Perf and Heaptrack

Introduction

The last three years I worked mainly alone on converting the C++ code of an open source renderer to Rust:

Contributions to master, excluding merge commits

Most of the test scenes render 100% the same, which means that there is not a single pixel which is different between the resulting images rendered by the C++ version vs. the Rust version.

But the performance is different and I am going to change that. So far I tried to stay as close to the original C++ source code as I could, but I might have not chosen the wisest implementation for the Rust counterpart, simply because I was still learning the language during that time.

I need some powerful tools to measure performance and learn how to interpret the results. Let's start with some simple examples and document which tools I used and how you see the difference between two different versions of the renderer.

Heaptrack

Let's start with heaptrack and the difference between two commits, e6b7ae40 and e6214826:

Difference between two commits shown via magit

So, basically I was lazy or not really concentrated on the task when I wrote the two functions vec3_permute<T>(...) and pnt3_permute<T>(...). I used Vec<T> instead of an array with three values of type T: [T; 3]. But can we see the difference with heaptrack? So, let's first check out the old version and create some data:

# checkout commit e6b7ae40
> git checkout e6b7ae4085d4fe7c0925092c800436f5148f09b4
# compile rs_pbrt
> cargo test --release --no-default-features
# create heaptrack data by rendering example scene
> heaptrack ./target/release/rs_pbrt -i assets/scenes/cornell_box.pbrt
...
  heaptrack --analyze "/home/jan/git/github/rs_pbrt/heaptrack.rs_pbrt.8945.gz"
> mv heaptrack.rs_pbrt.8945.gz heaptrack.rs_pbrt.e6b7ae40.gz
> heaptrack_gui heaptrack.rs_pbrt.e6b7ae40.gz

Note: I used only one pixel sample so the renderer is fast:

> git diff assets/scenes/cornell_box.pbrt
diff --git a/assets/scenes/cornell_box.pbrt b/assets/scenes/cornell_box.pbrt
index aa3a210..5e26823 100644
--- a/assets/scenes/cornell_box.pbrt
+++ b/assets/scenes/cornell_box.pbrt
@@ -10,7 +10,7 @@ Film "image"
   "integer yresolution" [ 500 ]
 ##  "integer outlierrejection_k" [ 10 ]
 ##Sampler "sobol"
-Sampler "sobol" "integer pixelsamples" [8]
+Sampler "sobol" "integer pixelsamples" [1] # [8]
 ##PixelFilter "blackmanharris"
 ##SurfaceIntegrator "bidirectional"
 ##Integrator "directlighting" "integer maxdepth" [10]

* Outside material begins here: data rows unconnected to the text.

(* Let $G=(V,E)$ be a graph with $|V|\ge d+1$, fix distinct vertices $v_1,\dots,v_d$ and the space $X_{G,d}$. Let $p\in X_{G,d}$ be such that $p(v_1),\dots,p(v_d)$ are affinely independent. Then the restriction of the linear map $R(G,p):(\mathbb{C}^d)^V\to\mathbb{C}^E$ to the linear subspace $X_{G,d}$ has rank $d|V|-\binom{d+1}{2}$ if and only if $(G,p)$ is infinitesimally rigid.
   Context: On $\mathbb{C}^d$ use $\|x\|^2=\sum x_i^2$ and the bilinear dot product $x\cdot y=\sum x_iy_i$. For a graph $G=(V,E)$ with at least $d+1$ vertices and a fixed sequence of distinct vertices $v_1,\dots,v_d$, define $X_{G,d}=\{p\in(\mathbb{C}^d)^V : p_j(v_k)=0 \text{ for all } 1\le k\le j\le d\}$, where $p_j(v)$ is the $j$-th coordinate of $p(v)$. The rigidity matrix $R(G,p)$ is the $|E|\times d|V|$ matrix whose row for edge $uv$ has $p(u)-p(v)$ in the $d$ columns of $u$, $p(v)-p(u)$ in the $d$ columns of $v$, and zeros elsewhere (it is the Jacobian at $p$ of $p\mapsto(\tfrac12\|p(v)-p(w)\|^2)_{vw\in E}$). The framework $(G,p)$ is infinitesimally rigid if $\operatorname{rank}R(G,p)=d|V|-\binom{d+1}{2}$, or $G=K_n$ with $n\le d+1$ and the points $p(v)$ affinely independent. *)

From HB Require Import structures.
From mathcomp Require Import all_boot all_order all_algebra.
From mathcomp Require Import complex.
From mathcomp Require Import Rstruct.
Set Implicit Arguments. Unset Strict Implicit. Unset Printing Implicit Defensive.
Import Order.TTheory GRing.Theory Num.Theory.
Local Open Scope ring_scope.

Definition CC : fieldType := complex Rdefinitions.R.

Section Rigidity.
Variables (n d : nat).

(* Graphs: vertex set 'I_n, a (symmetric, irreflexive) edge relation e.
   Configurations p : 'M[CC]_(n, d); p(w) is the row  row w p  and
   p_j(w) is the entry  p w j. *)

Definition simple_graph (e : rel 'I_n) : Prop :=
  symmetric e /\ irreflexive e.

Definition edges (e : rel 'I_n) : {set 'I_n * 'I_n} :=
  [set x : 'I_n * 'I_n | (x.1 < x.2)%N && e x.1 x.2].

(* The row of R(G,p) for the edge uw, displayed as an n x d matrix (one row
   per vertex): p(u)-p(w) in the block of u, p(w)-p(u) in the block of w,
   zero elsewhere. *)
Definition edge_row (p : 'M[CC]_(n, d)) (x : 'I_n * 'I_n) : 'M[CC]_(n, d) :=
  \matrix_(z, j) (if z == x.1 then p x.1 j - p x.2 j
                  else if z == x.2 then p x.2 j - p x.1 j else 0).

Definition rigidity_matrix (e : rel 'I_n) (p : 'M[CC]_(n, d))
  : 'M[CC]_(#|edges e|, n * d) :=
  \matrix_(k < #|edges e|) mxvec (edge_row p (@enum_val _ (mem (edges e)) k)).

(* X_{G,d}: p_j(v_k) = 0 for all k <= j (indices 0-based here). *)
Definition in_X (v : 'I_d -> 'I_n) (p : 'M[CC]_(n, d)) : Prop :=
  forall k j : 'I_d, (k <= j)%N -> p (v k) j = 0.

Definition X_mask (v : 'I_d -> 'I_n) : 'M[CC]_(n, d) :=
  \matrix_(z, j) (if [exists k : 'I_d, (z == v k) && (k <= j)%N] then 0 else 1).

(* A matrix (in mxvec layout) whose row space is exactly X_{G,d}. *)
Definition X_mx (v : 'I_d -> 'I_n) : 'M[CC]_(n * d) :=
  diag_mx (mxvec (X_mask v)).

(* Rank of the restriction of a linear map (given by A acting on column
   vectors) to the subspace spanned by the rows of S:
   dim A(rowspace S) = rank (S A^T). *)
Definition restricted_rank m k (A : 'M[CC]_(m, k)) (S : 'M[CC]_k) : nat :=
  \rank (S *m A^T).

End Rigidity.

Definition affinely_independent m d (q : 'M[CC]_(m, d)) : bool :=
  row_free (row_mx q (const_mx 1 : 'cV[CC]_m)).

Definition complete_graph n (e : rel 'I_n) : Prop :=
  forall u w : 'I_n, e u w = (u != w).

Definition inf_rigid n d (e : rel 'I_n) (p : 'M[CC]_(n, d)) : Prop :=
  \rank (rigidity_matrix e p) = (n * d - 'C(d.+1, 2))%N
  \/ (complete_graph e /\ (n <= d.+1)%N /\ affinely_independent p).

From HB Require Import structures.
From mathcomp Require Import all_boot all_order all_algebra.
From mathcomp Require Import complex Rstruct.
From mathcomp Require Import ring zify.
Set Implicit Arguments. Unset Strict Implicit. Unset Printing Implicit Defensive.
Import Order.TTheory GRing.Theory Num.Theory.
Local Open Scope ring_scope.

(* Trivial infinitesimal motions (a translation plus p S with S skew) lie in
   the kernel of R(G,p). Every x in (C^d)^V is congruent to an element of
   X_{G,d} modulo trivial motions: a translation clears the row of v_1, and
   for k >= 2 the rotations in the planes (k-1, j), j >= k, clear the row of
   v_k without disturbing v_1, ..., v_(k-1), after division by the pivot
   p_(k-1)(v_k). The pivots are the subdiagonal of the strictly triangular
   matrix of the p(v_k), and they are nonzero since these points are affinely
   independent. Hence R(G,p) has the same rank on X_{G,d} as on the whole
   space. In the exceptional case G = K_(d+1) of infinitesimal rigidity,
   affine independence makes R(G,p) row-free, of rank C(d+1,2), which is
   (d+1)d - C(d+1,2). *)

Lemma skew_form0 (R : numDomainType) m (u : 'rV[R]_m) (S : 'M[R]_m) :
  S^T = - S -> u *m S *m u^T = 0.
Proof.
move=> skewS; set q := u *m S *m u^T.
have qN : q = - q.
  rewrite -{1}[q]trmxK [q^T]mx11_scalar tr_scalar_mx -mx11_scalar.
  rewrite !trmx_mul trmxK skewS.
  by rewrite mulNmx mulmxN mulmxA.
apply/matrixP => i j; rewrite !ord1 [RHS]mxE; apply/eqP.
have /eqP : q 0 0 *+ 2 = 0 by rewrite mulr2n {1}qN mxE addNr.
by rewrite mulrn_eq0.
Qed.

Section TrivialMotions.
Variables (n d : nat) (p : 'M[CC]_(n, d)).

Definition trivial_motion (M : 'M[CC]_(n, d)) : Prop :=
  forall a b : 'I_n, (row a M - row b M) *m (row a p - row b p)^T = 0.

Lemma trivial_motion0 : trivial_motion 0.
Proof. by move=> a b; rewrite !row0 subrr mul0mx. Qed.

Lemma trivial_motionD M N :
  trivial_motion M -> trivial_motion N -> trivial_motion (M + N).
Proof.
move=> tM tN a b; rewrite ![row _ (_ + _)]linearD /= opprD addrACA mulmxDl.
by rewrite tM tN addr0.
Qed.

Lemma trivial_motion_translation (t : 'rV[CC]_d) :
  trivial_motion (\matrix_(w < n) t).
Proof. by move=> a b; rewrite !rowK subrr mul0mx. Qed.

Lemma trivial_motion_skew (S : 'M[CC]_d) :
  S^T = - S -> trivial_motion (p *m S).
Proof. by move=> skewS a b; rewrite !row_mul -mulmxBl skew_form0. Qed.

End TrivialMotions.

Section RigidityMatrix.
Variables (n d : nat) (e : rel 'I_n) (p : 'M[CC]_(n, d)).

Definition edge_vec (x : 'I_n * 'I_n) : 'rV[CC]_n :=
  delta_mx 0 x.1 - delta_mx 0 x.2.

Lemma edge_vec_mul x m (M : 'M[CC]_(n, m)) :
  edge_vec x *m M = row x.1 M - row x.2 M.
Proof. by rewrite mulmxBl -!rowE. Qed.

Lemma edge_vec_mul_ones x : edge_vec x *m (const_mx 1 : 'cV[CC]_n) = 0.
Proof. by rewrite edge_vec_mul !row_const subrr. Qed.

Lemma edge_rowE x : edge_row p x = (edge_vec x)^T *m (edge_vec x *m p).
Proof.
apply/matrixP => z j; rewrite edge_vec_mul !mxE big_ord1 !mxE /=.
case: (eqVneq z x.1) => [->|_]; case: (eqVneq _ x.2) => [e12|_] /=;
  rewrite ?e12; ring.
Qed.

Lemma trivial_motion_ker M :
  trivial_motion p M -> mxvec M *m (rigidity_matrix e p)^T = 0.
Proof.
move=> tM; apply: trmx_inj; rewrite trmx_mul trmxK trmx0.
apply/row_matrixP => k; rewrite row_mul rowK row0 edge_rowE mxvec_dotmul.
by rewrite !edge_vec_mul tM.
Qed.

Lemma edge_laplacian_entry (x y : 'I_n * 'I_n) :
  (x.1 < x.2)%N -> (y.1 < y.2)%N ->
  ((edge_vec y)^T *m edge_vec y) x.1 x.2 = - (x == y)%:R.
Proof.
case: x y => [a b] [a' b'] /= ltab ltab'.
rewrite !mxE big_ord1 !mxE /= xpair_eqE -!val_eqE /=.
by do 4!case: eqP => ? /=; try (exfalso; lia); ring.
Qed.

Lemma row_free_rigidity_matrix :
  affinely_independent p -> row_free (rigidity_matrix e p).
Proof.
move=> aff; apply/inj_row_free => u uR.
pose x k := @enum_val _ (mem (edges e)) k.
have x_lt k : ((x k).1 < (x k).2)%N.
  by have := enum_valP k; rewrite inE => /andP[].
pose L := \sum_k u 0 k *: ((edge_vec (x k))^T *m edge_vec (x k)).
have LpE : mxvec (L *m p) = u *m rigidity_matrix e p.
  rewrite mulmx_sum_row mulmx_suml linear_sum; apply: eq_bigr => k _.
  by rewrite rowK -scalemxAl -mulmxA -edge_rowE linearZ.
have L0 : L = 0.
  apply: (row_free_inj aff); rewrite mul0mx mul_mx_row.
  have -> : L *m p = 0 by apply: (can_inj mxvecK); rewrite LpE uR linear0.
  rewrite mulmx_suml big1 ?row_mx0 // => k _.
  by rewrite -scalemxAl -mulmxA edge_vec_mul_ones mulmx0 scaler0.
apply/rowP => k; move/matrixP/(_ (x k).1 (x k).2): L0.
rewrite summxE (bigD1 k) //= big1 => [|k' nk'].
  rewrite mxE edge_laplacian_entry // eqxx mulrN1 addr0 !mxE.
  by move/eqP; rewrite oppr_eq0 => /eqP.
rewrite mxE edge_laplacian_entry // (inj_eq enum_val_inj) eq_sym (negPf nk').
by rewrite oppr0 mulr0.
Qed.

End RigidityMatrix.

Lemma mxrankM_addsmx_ker_full (F : fieldType) m k l
    (X : 'M[F]_(m, k)) (B : 'M[F]_(k, l)) :
  (1%:M <= X + kermx B)%MS -> \rank (X *m B) = \rank B.
Proof.
move=> full; apply/eqP; rewrite eqn_leq mxrankM_maxr /=; apply: mxrankS.
have := submxMr B full; rewrite mul1mx addsmxMr mulmx_ker.
by move/submx_trans; apply; rewrite addsmx0.
Qed.

Lemma in_X_submx n d (v : 'I_d -> 'I_n) (x : 'M[CC]_(n, d)) :
  in_X v x -> (mxvec x <= X_mx v)%MS.
Proof.
move=> Xx; suff -> : mxvec x = mxvec x *m X_mx v by exact: submxMl.
apply/rowP => i; case/mxvec_indexP: i => z j.
rewrite mul_mx_diag mxE !mxvecE mxE.
by case: existsP => [[k /andP[/eqP-> le_kj]] | _]; rewrite ?Xx ?mul0r ?mulr1.
Qed.

Section Decomposition.
Variables (n d : nat) (v : 'I_d -> 'I_n) (p : 'M[CC]_(n, d)).
Hypothesis pX : in_X v p.
Hypothesis pivot_neq0 : forall k i : 'I_d, k = i.+1 :> nat -> p (v k) i != 0.

Definition in_X_upto m (x : 'M[CC]_(n, d)) : Prop :=
  forall k j : 'I_d, (k < m)%N -> (k <= j)%N -> x (v k) j = 0.

Lemma clear_first_row (k : 'I_d) x : k = 0 :> nat ->
  exists2 y, trivial_motion p y & in_X_upto 1 (x - y).
Proof.
move=> k0; exists (\matrix_(w < n) row (v k) x).
  exact: trivial_motion_translation.
move=> k' j; rewrite ltnS leqn0 => /eqP k'0 _.
by rewrite (_ : k' = k) ?mxE ?subrr //; apply: val_inj; rewrite /= k0 k'0.
Qed.

Lemma clear_next_row (i k : 'I_d) x : k = i.+1 :> nat -> in_X_upto k x ->
  exists2 y, trivial_motion p y & in_X_upto k.+1 (x - y).
Proof.
move=> ki Xx; pose c := p (v k) i.
pose r : 'rV_d := \row_l ((k <= l)%N%:R * x (v k) l / c).
pose A := delta_mx i 0 *m r.
exists (p *m (A - A^T)).
  by apply: trivial_motion_skew; rewrite linearB /= trmxK opprB.
have pSE w l : (p *m (A - A^T)) w l =
    p w i * r 0 l - (\sum_a p w a * r 0 a) * (l == i)%:R.
  rewrite mulmxBr trmx_mul trmx_delta !mulmxA -colE !mxE !big_ord1 !mxE.
  by under eq_bigr do rewrite mxE.
have r_lt (l : 'I_d) : (l < k)%N -> r 0 l = 0.
  by move=> lt_lk; rewrite mxE leqNgt lt_lk !mul0r.
have row_low w : (forall l : 'I_d, (i <= l)%N -> p w l = 0) ->
    row w (p *m (A - A^T)) = 0.
  move=> pw; apply/rowP => l; rewrite [LHS]mxE [RHS]mxE pSE pw // mul0r sub0r.
  rewrite big1 ?mul0r ?oppr0 //.
  move=> a _; case: (ltnP a k) => [/r_lt -> | le_ka].
    by rewrite mulr0.
  by rewrite pw ?mul0r //; lia.
move=> k' j; rewrite ltnS leq_eqVlt.
case/orP=> [/eqP/val_inj-> le_kj | lt_k'k le_k'j].
  have ne_ji : j != i by apply: contraTneq le_kj => ->; rewrite ki ltnn.
  rewrite 2!mxE pSE (negPf ne_ji) mulr0 subr0 mxE le_kj mul1r mulrCA.
  by rewrite divff ?mulr1 ?subrr //; apply: pivot_neq0.
have := congr1 (fun u : 'rV_d => u 0 j) (row_low (v k') _).
rewrite !mxE Xx // => ->; rewrite ?subr0 // => l le_il; apply: pX; lia.
Qed.

Lemma in_X_decomposition x : exists2 y, trivial_motion p y & in_X v (x - y).
Proof.
suff /(_ d (leqnn d)) [y ty Xy] : forall m, (m <= d)%N ->
    exists2 y, trivial_motion p y & in_X_upto m (x - y).
  by exists y => // k j; apply: Xy.
elim=> [_ | m IH lt_md]; first by exists 0; [exact: trivial_motion0 | case].
have [y ty Xy] := IH (ltnW lt_md).
have [y' ty' Xy'] :
    exists2 y', trivial_motion p y' & in_X_upto m.+1 (x - y - y').
  case: m lt_md {IH} Xy => [|i] lt_md Xy.
    exact: (@clear_first_row (Ordinal lt_md)).
  exact: (@clear_next_row (Ordinal (ltnW lt_md)) (Ordinal lt_md)).
by exists (y + y'); [exact: trivial_motionD | rewrite opprD addrA].
Qed.

End Decomposition.

Lemma affinely_independent_subdiag_neq0 d (q : 'M[CC]_d) :
  (forall k j : 'I_d, (k <= j)%N -> q k j = 0) -> affinely_independent q ->
  forall k j : 'I_d, k = j.+1 :> nat -> q k j != 0.
Proof.
case: d q => [|d] q qlow aff k j kj; first by case: k kj.
apply/negP => /eqP qkj0.
(* [1 | q] with the last column of q, which is zero, dropped: a lower
   triangular matrix with diagonal 1, q 1 0, q 2 1, ... *)
pose T : 'M[CC]_d.+1 :=
  \matrix_(k', l) (if l == ord0 then 1 else q k' (inord l.-1)).
have T_trig : is_trig_mx T.
  apply/is_trig_mxP => k' l lt_k'l; rewrite mxE ifN; last first.
    by rewrite -val_eqE /=; lia.
  rewrite qlow // inordK ?(leq_ltn_trans (leq_pred l)) //.
  by rewrite -ltnS (ltn_predK lt_k'l).
have /det0P [u u_neq0 uT] : \det T == 0.
  rewrite det_trig // (bigD1 k) //= mxE ifN; last by rewrite -val_eqE /= kj.
  rewrite (_ : inord _ = j) ?qkj0 ?mul0r //.
  by apply: val_inj; rewrite /= kj inordK ?ltn_ord.
have uT0 l : \sum_k' u 0 k' * T k' l = 0 by move/rowP/(_ l): uT; rewrite !mxE.
move/negP: u_neq0; apply; apply/eqP/(row_free_inj aff).
rewrite mul0mx mul_mx_row -row_mx0; congr row_mx; apply/rowP => l; rewrite !mxE.
  case: (ltnP l d) => [lt_ld | le_dl]; last first.
    by rewrite big1 // => k' _; rewrite qlow ?mulr0 // (leq_trans (leq_ord k')).
  rewrite -[RHS](uT0 (inord l.+1)); apply: eq_bigr => k' _; rewrite mxE ifN.
    by congr (_ * q _ _); apply: val_inj; rewrite /= !inordK ?ltnS // ltnW.
  by rewrite -val_eqE /= inordK.
by rewrite -[RHS](uT0 ord0); apply: eq_bigr => k' _; rewrite !mxE.
Qed.

Lemma X_mx_addsmx_ker_full n d (e : rel 'I_n) (v : 'I_d -> 'I_n)
    (p : 'M[CC]_(n, d)) :
  in_X v p -> (forall k i : 'I_d, k = i.+1 :> nat -> p (v k) i != 0) ->
  (1%:M <= X_mx v + kermx (rigidity_matrix e p)^T)%MS.
Proof.
move=> pX pivot_neq0; apply/row_subP => i; rewrite -[row i _]vec_mxK.
have [y ty Xy] := in_X_decomposition pX pivot_neq0 (vec_mx (row i 1%:M)).
rewrite -(subrK y (vec_mx _)) linearD /=; apply: addmx_sub_adds.
  exact: in_X_submx.
by apply/sub_kermxP; apply: trivial_motion_ker.
Qed.

Lemma sum_ltn_ord n b : (b <= n)%N -> (\sum_(a < n) (a < b))%N = b.
Proof.
move=> le_bn; rewrite -(subnKC le_bn) big_split_ord /=.
rewrite [X in (_ + X)%N]big1 => [|a _]; last by rewrite ltnNge leq_addr.
rewrite addn0 (eq_bigr (fun=> 1%N)) => [|a _]; last by rewrite ltn_ord.
by rewrite sum1_card card_ord.
Qed.

Lemma card_edges_complete n (e : rel 'I_n) :
  complete_graph e -> #|edges e| = 'C(n, 2).
Proof.
move=> eK; rewrite -bin2_sum big_mkord -sum1_card.
transitivity (\sum_(a < n) \sum_(b < n) (a < b))%N.
  rewrite pair_bigA big_mkcond /=; apply: eq_bigr => -[a b] _.
  by rewrite inE eK -val_eqE /=; case: ltngtP.
by rewrite exchange_big; apply: eq_bigr => b _; apply: sum_ltn_ord; apply: ltnW.
Qed.

Lemma bin2_double n : ('C(n, 2).*2 = n * n.-1)%N.
Proof. by rewrite bin2 even_halfK // oddM; case: n => //= n; rewrite andNb. Qed.

Lemma restricted_rank_X_mx n d (e : rel 'I_n) (v : 'I_d -> 'I_n)
    (p : 'M[CC]_(n, d)) :
  in_X v p -> affinely_independent (\matrix_(k < d) row (v k) p) ->
  restricted_rank (rigidity_matrix e p) (X_mx v) = \rank (rigidity_matrix e p).
Proof.
move=> pX aff; rewrite /restricted_rank mxrankM_addsmx_ker_full ?mxrank_tr //.
apply: X_mx_addsmx_ker_full => // k i ki.
have := affinely_independent_subdiag_neq0 _ aff ki; rewrite !mxE; apply.
by move=> k' j le_k'j; rewrite !mxE pX.
Qed.

Theorem lemma2p6 (n d : nat) (e : rel 'I_n) (v : 'I_d -> 'I_n)
    (p : 'M[CC]_(n, d)) :
  simple_graph e ->
  (d.+1 <= n)%N ->
  injective v ->
  in_X v p ->
  affinely_independent (\matrix_(k < d) row (v k) p) ->
  (restricted_rank (rigidity_matrix e p) (X_mx v) = (n * d - 'C(d.+1, 2))%N
   <-> inf_rigid e p).
Proof.
move=> _ le_d1n _ pX aff; rewrite restricted_rank_X_mx //.
split=> [|[// | [eK [le_nd1 affp]]]]; first by left.
rewrite (eqP (row_free_rigidity_matrix e affp)) card_edges_complete //.
have -> : n = d.+1 by apply/eqP; rewrite eqn_leq le_nd1.
by rewrite -bin2_double -addnn addnK.
Qed.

One of the resulting graphs shows the requested allocation (sizes):

Commit e6b7ae40 used vec3_permute a lot

By placing the mouse over the second column you can confirm that those allocations indeed come from vec3_permute. How does it look like after the change to use an array?

# checkout commit e6214826
> git checkout e6214826c4ce7bd82eabc4573d12080ad0bdd2dc
# compile rs_pbrt
> cargo test --release --no-default-features
# create heaptrack data by rendering example scene
> heaptrack ./target/release/rs_pbrt -i assets/scenes/cornell_box.pbrt
...
  heaptrack --analyze "/home/jan/git/github/rs_pbrt/heaptrack.rs_pbrt.30739.gz"
> mv heaptrack.rs_pbrt.30739.gz heaptrack.rs_pbrt.e6214826.gz
> heaptrack_gui heaptrack.rs_pbrt.e6214826.gz

Now the second column is basically gone.

Commit e6214826 basically removed the second column

Placing both versions on top of each other and zooming into the flame graphs shows that indeed the top version does not show the entries for vec3_permute above the Triangle::intersect anymore:

Difference in the flame graphs

But, of course those allocations are not entirely gone. They just moved from the heap to the stack. Read more about the difference between stack and heap ...

Perf

Now let's look at the performance of both the C++ and the Rust version:

# Rust
> perf record --call-graph=dwarf ./target/release/rs_pbrt -i assets/scenes/cornell_box.pbrt
...
[ perf record: Woken up 914 times to write data ]
[ perf record: Captured and wrote 230.456 MB perf.data (29103 samples) ]
> mv perf.data perf.rs_pbrt.e6b7ae40.data

One way to look at the resulting data would be perf report (see perf Examples):

> perf report -i perf.rs_pbrt.e6b7ae40.data

But a graphical view (via KDAB hotspot) would be nicer:

> ~/Downloads/hotspot-v1.2.0-x86_64.AppImage perf.rs_pbrt.e6b7ae40.data

Rust perf

And now the C++ version:

# C++
> perf record --call-graph=dwarf ~/builds/pbrt/release/pbrt assets/scenes/cornell_box.pbrt
...
[ perf record: Woken up 464 times to write data ]
[ perf record: Captured and wrote 116.346 MB perf.data (14460 samples) ]
> mv perf.data perf.pbrt.data
> ~/Downloads/hotspot-v1.2.0-x86_64.AppImage perf.pbrt.data

C++ perf